Menurut Prof Benny, sistem penataan Regulasi hukum di Indonesia perlu dilakukan karena pndasi pembangunan hukum nasional yang ada saat ini mengacu dua dasar hukum. Yakni tentang  sistem Perundangan yaitu  Undang-Undang (UU) no 25 tahun 2004 dan Undang-Undang (UU) no 17 tahun 2007  tentang RPJPN termuat sistem hukum nasional.

Di sela-sela rapat Dirjen Pajak, Prof Benny menjelaskan penataan regulasi nasional dimulai dengan pondasi pembangunan hukum nasional 
"Sering kali terjadi carut marutnya sistem undang-undang yang ada, penataan regulasi menuju indonesia maju, Pak presiden mempunyai angan-angan menjadi negera maju di tahun 2045 mendatang," kata Prof Benny dalam paparanya.

Dia menambahkan, walaupun sistem hukum kita sudah tertata dengan baik, namun dalam prakteknya, sistem hukum yang kita jalani masih carut marut, oleh karena itu, terkait di atur dan di tata agar tidak terjadi tumpang tindih.

"Masih banyak tumpang tindih, masih banyak obesitas, kontradiktif, tidak mencerminkan nilai nilai Pancasila sehingga  presiden merasa prihatin, sehingga meminta adar seluruh regulasi perlu evaluasi atau di revisi" katanya.
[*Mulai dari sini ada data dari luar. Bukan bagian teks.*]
(* Assume $|\chi|=\infty$ and that $q=\chi^{-1}(a)$ is not a root of unity. Let $y=[V_2(\varepsilon)]$ in $r(\mathcal W)$. Then for every $m\ge1$, $$[V_m(\varepsilon)]=\sum_{i=0}^{[\frac{m-1}{2}]}(-1)^i\binom{m-1-i}{i}\chi^iy^{m-1-2i}\quad\text{in } r(\mathcal W).$$
   Context: Let $k$ be an algebraically closed field of characteristic zero, $G$ a group, $a$ a central element of $G$, $\hat G$ the group of characters $G\to k^\times$ with identity $\varepsilon$, and $\chi\in\hat G$ with $\chi(a)\ne1$. $H=kG(\chi^{-1},a,0)$ is the Hopf algebra generated by the group $G$ and $x$ with $xg=\chi^{-1}(g)gx$, $\Delta(g)=g\otimes g$, $\Delta(x)=x\otimes a+1\otimes x$; tensor products of $H$-modules: $g(m\otimes n)=gm\otimes gn$, $x(m\otimes n)=xm\otimes an+m\otimes xn$. $V_t(\lambda)$ ($\lambda\in\hat G$, $t\ge1$) has basis $m_0,\dots,m_{t-1}$, $gm_i=\chi^i(g)\lambda(g)m_i$, $xm_i=m_{i+1}$ ($i\le t-2$), $xm_{t-1}=0$. $\mathcal W$ is the category of finite-dimensional weight $H$-modules and $r(\mathcal W)$ its Green ring (abelian group on isoclasses $[V]$ modulo $[U\oplus V]=[U]+[V]$, product $[U][V]=[U\otimes V]$). Each $\lambda\in\hat G$ (in particular $\chi^i$) denotes the element $[V_1(\lambda)]$ of $r(\mathcal W)$; $[r]$ is the integer part. *)

(* Setting of the paper: k algebraically closed field of
   characteristic 0, G an arbitrary (possibly infinite) group (mathcomp's
   [groupType] from boot/monoid.v), H = kG(chi^-1, a, 0). *)
From HB Require Import structures.
From mathcomp Require Import all_boot all_order all_algebra.
From mathcomp Require Import mxtens.
Set Implicit Arguments.
Unset Strict Implicit.
Unset Printing Implicit Defensive.
Import Order.TTheory GRing.Theory Num.Theory.
Local Open Scope ring_scope.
Dia menambahkan, Presiden mengamanahkan di bentuknya suatu program penataan regulasi.

Presiden Jokowi  bahkan meminta agar penataan regulasi menjadi prioritas reformasi hukum kali ini.

Oleh karena itu, ungkap Benny  dibuatlah program reformasi hukum,  dimana ada 3 unsur pokok yaitu Penguatan pembentukan  Peraturan Perundang-undangam, Evaluasi seluruh peraturan perundang-undangan dan pembuatan data base peraturan perundangan yang terintegrasi 

"Dari 3 unsur inilah yang mengadopsi konsep omnibus law, dimana omnibus law ini bertujuan ini menarik investor untuk mau berbisnis di indonesia, karena selama ini investor merasa kesulitan  masuk ke Indonesia karena terbentur dinding regulasi yang susah di tembus, " kata Prof Benny.

Dalam webinar yang  di moderator wakil Rektor III Universitas Semarang Dr Muhammad Junaidi  SHI MH  diikuti oleh ratusan peserta mahasiswa Universitas Semarang (USM) dan praktisi hukum di kota Semarang.

Ketua Program Studi (Ka Prodi) Magister Hukum USM Dr Drs H Kukuh Sudarmanto  BA SSos SH MH MM mengharapkan agar apa yang disampaikan narasumber tersebut dapat dilaksanakan Pemerintah bersama sama masyarakat dan stakeholder, sehingga  apa yang di cita citakan yaitu hukum sebagai instrumen yang mensejahterakan masyarakat Indonesia benar-benar segera terwujud.